Relatórios do Coaf apontam que o Banco Master e a JBS despejaram juntos R$ 18 milhões em uma empresa de consultoria entre agosto de 2024 e julho de 2025.
Até aqui, poderia ser apenas mais um contrato corporativo. Mas não é.
A tal consultoria declarou faturamento de apenas R$ 25,5 mil no período.
Sim, você leu certo:
➡️ Recebeu milhões
➡️ Declarou trocados
Para o Coaf, o alerta foi inevitável: as movimentações são totalmente incompatíveis com a capacidade financeira da empresa.
A engrenagem levanta suspeitas
Do total repassado:
R$ 6,6 milhões vieram do Banco Master
R$ 11,3 milhões da JBS
Na prática, essas transferências representam quase todo o dinheiro que passou pela empresa.
E é aqui que o caso começa a ficar ainda mais delicado.
A consultoria também realizou pagamentos ao filho do ministro do STF, Kássio Nunes Marques.
Quando o dinheiro encontra o poder
Os repasses ao filho do ministro teriam sido feitos por meio de serviços jurídicos.
Não há, até o momento, comprovação de ilegalidade direta envolvendo o ministro.
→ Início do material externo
(* Let $H$ be a complex Hilbert space and let $U_0(H)$ be the set of unitary operators on $H$ which fix each element of the orthogonal complement of some finite-dimensional subspace of $H$. Then $d(u,v) := \mathrm{rank}(u - v)$ defines a distance on $U_0(H)$ with values in the nonnegative integers. Moreover, if $F \subset E$ are finite-dimensional subspaces of $H$ and $u$ is a unitary operator fixing each element of $E^{\perp}$, then $\pi_{E,F}(u)$ is the unique unitary operator fixing each element of $F^{\perp}$ for which $d(u, \pi_{E,F}(u))$ is minimal (among unitary operators fixing each element of $F^\perp$); the image of $H$ by $u - \pi_{E,F}(u)$ equals the image of $F^{\perp}$ by $u - \mathrm{Id}$; and $$d(u, \pi_{E,F}(u)) = \dim(E) - \dim(F) - \dim(\{x \in E \cap F^{\perp} : u(x) = x\}).$$ In particular, if no nonzero $x \in E\cap F^\perp$ satisfies $u(x)=x$, then $d(u,\pi_{E,F}(u)) = \dim(E) - \dim(F)$.
   Context: For a complex Hilbert space $H$, a finite-dimensional subspace $E$, a subspace $F\subset E$ and a unitary $u$ on $H$ fixing each element of $E^\perp$, $\pi_{E,F}(u)$ denotes the unique unitary operator on $H$ which fixes each element of $F^\perp$ and such that the image of $H$ by $u-\pi_{E,F}(u)$ is included in the image of $F^\perp$ by $u-\mathrm{Id}$ (existence and uniqueness are known). *)

From mathcomp Require Import all_boot all_algebra.
From mathcomp Require Import boolp classical_sets reals.
From mathcomp Require Import complex.
From Stdlib Require Import ClassicalEpsilon.
Set Implicit Arguments. Unset Strict Implicit. Unset Printing Implicit Defensive.
Import GRing.Theory Num.Theory.
Local Open Scope ring_scope.
Local Open Scope classical_set_scope.

Section Hilbert.
Variables (R : realType) (V : lmodType R[i]) (ip : V -> V -> R[i]).

Definition cauchy_seq (s : nat -> V) : Prop :=
  forall e : R[i], 0 < e -> exists N : nat, forall m n : nat,
    (N <= m)%N -> (N <= n)%N -> ip (s m - s n) (s m - s n) < e.

Definition converges_to (s : nat -> V) (l : V) : Prop :=
  forall e : R[i], 0 < e -> exists N : nat, forall n : nat,
    (N <= n)%N -> ip (s n - l) (s n - l) < e.

Definition hilbert_space : Prop :=
  [/\ (forall (a : R[i]) (x y z : V), ip (a *: x + y) z = a * ip x z + ip y z),
      (forall x y : V, ip y x = (ip x y)^*),
      (forall x : V, 0 <= ip x x),
      (forall x : V, ip x x = 0 -> x = 0) &
      (forall s : nat -> V, cauchy_seq s -> exists l, converges_to s l)].

Definition subspace (S : set V) : Prop :=
  S 0 /\ forall (a : R[i]) (x y : V), S x -> S y -> S (a *: x + y).

Definition has_dim (S : set V) (n : nat) : Prop :=
  exists b : 'I_n -> V,
    [/\ (forall i, S (b i)),
        (forall c : 'I_n -> R[i], \sum_(i < n) c i *: b i = 0 -> forall i, c i = 0) &
        (forall x, S x -> exists c : 'I_n -> R[i], x = \sum_(i < n) c i *: b i)].

Definition findim (S : set V) : Prop := exists n, has_dim S n.

(* the dimension of a finite-dimensional subspace (junk value 0 otherwise) *)
Definition sdim (S : set V) : nat := xget 0%N (has_dim S).

Definition orth (S : set V) : set V := [set x | forall y, S y -> ip x y = 0].

Definition fixes (u : V -> V) (S : set V) : Prop := forall x, S x -> u x = x.

Definition unitary (u : V -> V) : Prop :=
  [/\ (forall (a : R[i]) (x y : V), u (a *: x + y) = a *: u x + u y),
      (forall x y, ip (u x) (u y) = ip x y) &
      (forall y, exists x, u x = y)].

Definition U0 : set (V -> V) :=
  [set u | unitary u /\ exists E, [/\ subspace E, findim E & fixes u (orth E)]].

Definition op_rank (w : V -> V) : nat := sdim (range w).

Definition dist (u v : V -> V) : nat := op_rank (fun x => u x - v x).

(* pi_{E,F}(u): the unitary operator fixing F^perp such that
   (u - pi_{E,F}(u))(H) is included in (u - Id)(F^perp) (unique, known to exist). *)
Definition is_piEF (E F : set V) (u w : V -> V) : Prop :=
  [/\ unitary w, fixes w (orth F) &
      range (fun x => u x - w x) `<=` (fun x => u x - x) @` (orth F)].

Definition piEF (E F : set V) (u : V -> V) : V -> V :=
  epsilon (inhabits (fun x : V => x)) (is_piEF E F u).

End Hilbert.

From mathcomp Require Import all_boot all_algebra.
From mathcomp Require Import boolp classical_sets reals.
From mathcomp Require Import complex.
From mathcomp Require Import ring.
From Stdlib Require Import ClassicalEpsilon.
Set Implicit Arguments. Unset Strict Implicit. Unset Printing Implicit Defensive.
Import GRing.Theory Num.Theory.
Local Open Scope ring_scope.
Local Open Scope classical_set_scope.

(* Every subspace that occurs is finite-dimensional, so orthogonal projections
   onto it exist without completeness (by solving a Gram system), and of the
   inner product axioms only definiteness is used.

   If u and v fix the orthogonals of E1 and E2, then u - v vanishes on the
   orthogonal of E1 + E2, so its rank is finite; the metric axioms follow by
   counting dimensions.

   Let F be included in E and u fix E^perp; put M = (u - 1)(F^perp),
   G = E /\ F^perp and K = {x in G | u x = x}. As u - 1 vanishes on E^perp, it
   maps G onto M with kernel K, so dim M = dim E - dim F - dim K. Every w fixing
   F^perp has (u - w)(H) containing M, hence d(u, w) >= dim M. As u is
   isometric, F /\ M = 0, and counting dimensions F + M = E /\ K^perp, which
   contains u(F). Writing u f = a(f) + m(f) along F + M, the map p equal to a on
   F and to the identity on F^perp is unitary with (u - p)(H) = M: it is
   pi_{E,F}(u), and it attains the bound. A w attaining the bound has
   (u - w)(H) = M, which determines w on F because F /\ M = 0. *)

(** * Finite families and dimension *)

Definition fcat (T : Type) n m (f : 'I_n -> T) (g : 'I_m -> T) : 'I_(n + m) -> T :=
  fun i => match split i with inl j => f j | inr j => g j end.

Lemma fcat_lshift (T : Type) n m (f : 'I_n -> T) (g : 'I_m -> T) j :
  fcat f g (lshift m j) = f j.
Proof. by rewrite /fcat (unsplitK (inl j : 'I_n + 'I_m)). Qed.

Lemma fcat_rshift (T : Type) n m (f : 'I_n -> T) (g : 'I_m -> T) j :
  fcat f g (rshift n j) = g j.
Proof. by rewrite /fcat (unsplitK (inr j : 'I_n + 'I_m)). Qed.

Section Families.
Variables (K : fieldType) (V : lmodType K).

Definition span n (b : 'I_n -> V) : set V :=
  [set x | exists c : 'I_n -> K, x = \sum_(i < n) c i *: b i].

Definition indep n (b : 'I_n -> V) : Prop :=
  forall c : 'I_n -> K, \sum_(i < n) c i *: b i = 0 -> forall i, c i = 0.

Lemma span_mem n (b : 'I_n -> V) i : span b (b i).
Proof.
exists (fun j => (j == i)%:R).
by rewrite (bigD1 i) //= eqxx scale1r big1 ?addr0 // => j /negbTE ->; rewrite scale0r.
Qed.

Lemma sum_fcat n m (b1 : 'I_n -> V) (b2 : 'I_m -> V) (c : 'I_(n + m) -> K) :
  \sum_i c i *: fcat b1 b2 i =
  \sum_j c (lshift m j) *: b1 j + \sum_j c (rshift n j) *: b2 j.
Proof.
by rewrite big_split_ord; congr (_ + _); apply: eq_bigr => j _;
  rewrite ?fcat_lshift ?fcat_rshift.
Qed.

Lemma span_fcat n m (b1 : 'I_n -> V) (b2 : 'I_m -> V) x y :
  span b1 x -> span b2 y -> span (fcat b1 b2) (x + y).
Proof.
move=> [c1 ->] [c2 ->]; exists (fcat c1 c2); rewrite sum_fcat.
by congr (_ + _); apply: eq_bigr => j _; rewrite ?fcat_lshift ?fcat_rshift.
Qed.

(* Steinitz: for n > m a kernel vector of the n x m coefficient matrix of b in s
   is a dependence among the b j. *)
Lemma indep_span_leq n m (b : 'I_n -> V) (s : 'I_m -> V) :
  indep b -> (forall j, span s (b j)) -> (n <= m)%N.
Proof.
move=> ib /choice [f hf]; rewrite leqNgt; apply/negP => lt_mn.
pose A := \matrix_(j < n, i < m) f j i.
have : kermx A != 0.
  rewrite kermx_eq0 /row_free; apply/negP => /eqP rkA.
  by move: (rank_leq_col A); rewrite rkA leqNgt lt_mn.
move/rowV0Pn => [v /sub_kermxP vA vn0].
have : \sum_j v 0 j *: b j = 0.
  under eq_bigr => j _ do rewrite hf scaler_sumr.
  rewrite exchange_big /= (eq_bigr (fun i => (v *m A) 0 i *: s i)).
    by rewrite vA big1 // => i _; rewrite mxE scale0r.
  move=> i _; rewrite !mxE scaler_suml; apply: eq_bigr => j _.
  by rewrite scalerA mxE.
move/ib => v0; apply/negP: vn0; rewrite negbK; apply/eqP/matrixP => i j.
by rewrite !mxE (ord1 i) v0.
Qed.

Lemma indep_fcat1 n (b : 'I_n -> V) x :
  indep b -> ~ span b x -> indep (fcat b (fun _ : 'I_1 => x)).
Proof.
move=> ib nx c; rewrite sum_fcat big_ord1 => hc.
have cx : c (rshift n ord0) = 0.
  apply/eqP; apply/negP => /negP cn; apply: nx.
  exists (fun j => - (c (rshift n ord0))^-1 * c (lshift 1 j)).
  have -> : x = (c (rshift n ord0))^-1 *: (c (rshift n ord0) *: x) by rewrite scalerK.
  have -> : c (rshift n ord0) *: x = - \sum_j c (lshift 1 j) *: b j.
    by apply/eqP; rewrite -addr_eq0 addrC hc.
  rewrite scalerN scaler_sumr -sumrN; apply: eq_bigr => j _.
  by rewrite scalerA mulNr scaleNr.
move: hc; rewrite cx scale0r addr0 => /ib cb i.
by rewrite -(splitK i); case: (split i) => j /=; rewrite ?(ord1 j).
Qed.

End Families.

Section Linear.
Variables (K : pzRingType) (V : lmodType K).

Definition lin (u : V -> V) := forall (a : K) x y, u (a *: x + y) = a *: u x + u y.

Lemma lin_id : lin id.
Proof. by []. Qed.

Variable u : V -> V.
Hypothesis lu : lin u.

Lemma lin0 : u 0 = 0.
Proof.
have := lu 1 0 0; rewrite !scale1r addr0 => e.
by apply: (addrI (u 0)); rewrite addr0 -e.
Qed.

Lemma linD x y : u (x + y) = u x + u y.
Proof. by have := lu 1 x y; rewrite !scale1r. Qed.

Lemma linZ a x : u (a *: x) = a *: u x.
Proof. by have := lu a x 0; rewrite !addr0 lin0 addr0. Qed.

Lemma linN x : u (- x) = - u x.
Proof. by rewrite -scaleN1r linZ scaleN1r. Qed.

Lemma linB x y : u (x - y) = u x - u y.
Proof. by rewrite linD linN. Qed.

Lemma lin_sum n (c : 'I_n -> K) (b : 'I_n -> V) :
  u (\sum_i c i *: b i) = \sum_i c i *: u (b i).
Proof. by elim/big_rec2: _ => [|i y1 y2 _ <-]; rewrite ?lin0 ?lu. Qed.

Lemma lin_diff v : lin v -> lin (fun x => u x - v x).
Proof. by move=> lv a x y; rewrite lu lv scalerBr addrACA opprD. Qed.

End Linear.

Section Subspace.
Variables (R : realType) (V : lmodType R[i]).
Implicit Types (S A B : set V) (x y : V) (u v w T : V -> V).

Lemma subspace0 S : subspace S -> S 0.
Proof. by case. Qed.

Lemma subspaceD S x y : subspace S -> S x -> S y -> S (x + y).
Proof. by case=> _ hS ??; rewrite -[x]scale1r; apply: hS. Qed.

Lemma subspaceZ S a x : subspace S -> S x -> S (a *: x).
Proof. by case=> ? hS ?; rewrite -[_ *: _]addr0; apply: hS. Qed.

Lemma subspaceB S x y : subspace S -> S x -> S y -> S (x - y).
Proof. by move=> hS ??; rewrite -scaleN1r; apply: subspaceD => //; apply: subspaceZ. Qed.

Lemma subspace_sum S n (f : 'I_n -> V) : subspace S -> (forall i, S (f i)) -> S (\sum_i f i).
Proof. by move=> hS hf; apply: big_ind => [|??|i _]; [apply: subspace0|apply: subspaceD|]. Qed.

Lemma subspaceI S A : subspace S -> subspace A -> subspace (S `&` A).
Proof. by move=> [S0 hS] [A0 hA]; split=> // a x y [??] [??]; split; [apply: hS|apply: hA]. Qed.

Lemma span_subspace n (b : 'I_n -> V) : subspace (span b).
Proof.
split; first by exists (fun=> 0); rewrite big1 // => i _; rewrite scale0r.
move=> a x y [c ->] [d ->]; exists (fun i => a * c i + d i).
by rewrite scaler_sumr -big_split; apply: eq_bigr => i _; rewrite scalerDl scalerA.
Qed.

Lemma span_subset S n (b : 'I_n -> V) : subspace S -> (forall i, S (b i)) -> span b `<=` S.
Proof. by move=> hS hb x [c ->]; apply: subspace_sum => // i; apply: subspaceZ. Qed.

Lemma range_subspace u : lin u -> subspace (range u).
Proof.
move=> lu; split; first by exists 0; rewrite ?lin0.
by move=> a _ _ [x _ <-] [y _ <-]; exists (a *: x + y); rewrite ?lu.
Qed.

Lemma image_subspace u S : lin u -> subspace S -> subspace (u @` S).
Proof.
move=> lu [S0 hS]; split; first by exists 0; rewrite ?lin0.
by move=> a _ _ [x Sx <-] [y Sy <-]; exists (a *: x + y); [exact: hS|exact: lu].
Qed.

Lemma kernel_subspace u : lin u -> subspace [set x | u x = 0].
Proof.
move=> lu; split=> [|a x y ux uy]; first exact: lin0.
by move: (lu a x y); rewrite ux uy scaler0 addr0.
Qed.

Lemma has_dim0 S : (forall x, S x -> x = 0) -> has_dim S 0.
Proof.
move=> S0; exists (fun=> 0); split; [by case|by move=> c _; case|].
by move=> x /S0 ->; exists (fun=> 0); rewrite big_ord0.
Qed.

Lemma has_dim0_eq0 S x : has_dim S 0 -> S x -> x = 0.
Proof. by move=> [b [_ _ bS]] /bS [c ->]; rewrite big_ord0. Qed.

Lemma has_dim_uniq S n k : has_dim S n -> has_dim S k -> n = k.
Proof.
move=> [b [bS bi bsp]] [d [dS di dsp]]; apply/eqP; rewrite eqn_leq.
by rewrite (indep_span_leq bi (fun j => dsp _ (bS j))) (indep_span_leq di (fun j => bsp _ (dS j))).
Qed.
Mas, em Brasília, a regra é clara: não basta ser legal — tem que parecer legal.
E nesse caso, não parece.
A ligação entre uma empresa sob suspeita e um familiar de um ministro da mais alta Corte do país acende um sinal vermelho — político, jurídico e institucional.
Padrão conhecido
Para investigadores, o roteiro não é novo:
Empresas com baixa ou nenhuma estrutura
Movimentações milionárias
Uso como intermediárias financeiras
Esse tipo de operação costuma aparecer em casos de:
✔️ Lavagem de dinheiro
✔️ Ocultação de recursos
✔️ Pagamentos indiretos
🧠 O ponto central
O que está em jogo não é apenas o volume de dinheiro.
É o caminho que ele percorre.
Quando milhões passam por empresas sem capacidade operacional e chegam a pessoas ligadas ao poder, a pergunta deixa de ser técnica — e passa a ser política:
Quem realmente está por trás dessas operações?
Conclusão
O caso ainda está sob análise e não há condenações.
Mas os fatos são claros:
R$ 18 milhões movimentados
Empresa com faturamento irrisório
Alertas formais do Coaf
Ligação com familiar de ministro do STF
Em um país onde escândalos financeiros se repetem com frequência, a história parece seguir um roteiro já conhecido.
A diferença é que, desta vez, o rastro do dinheiro encosta perigosamente nas portas do Supremo.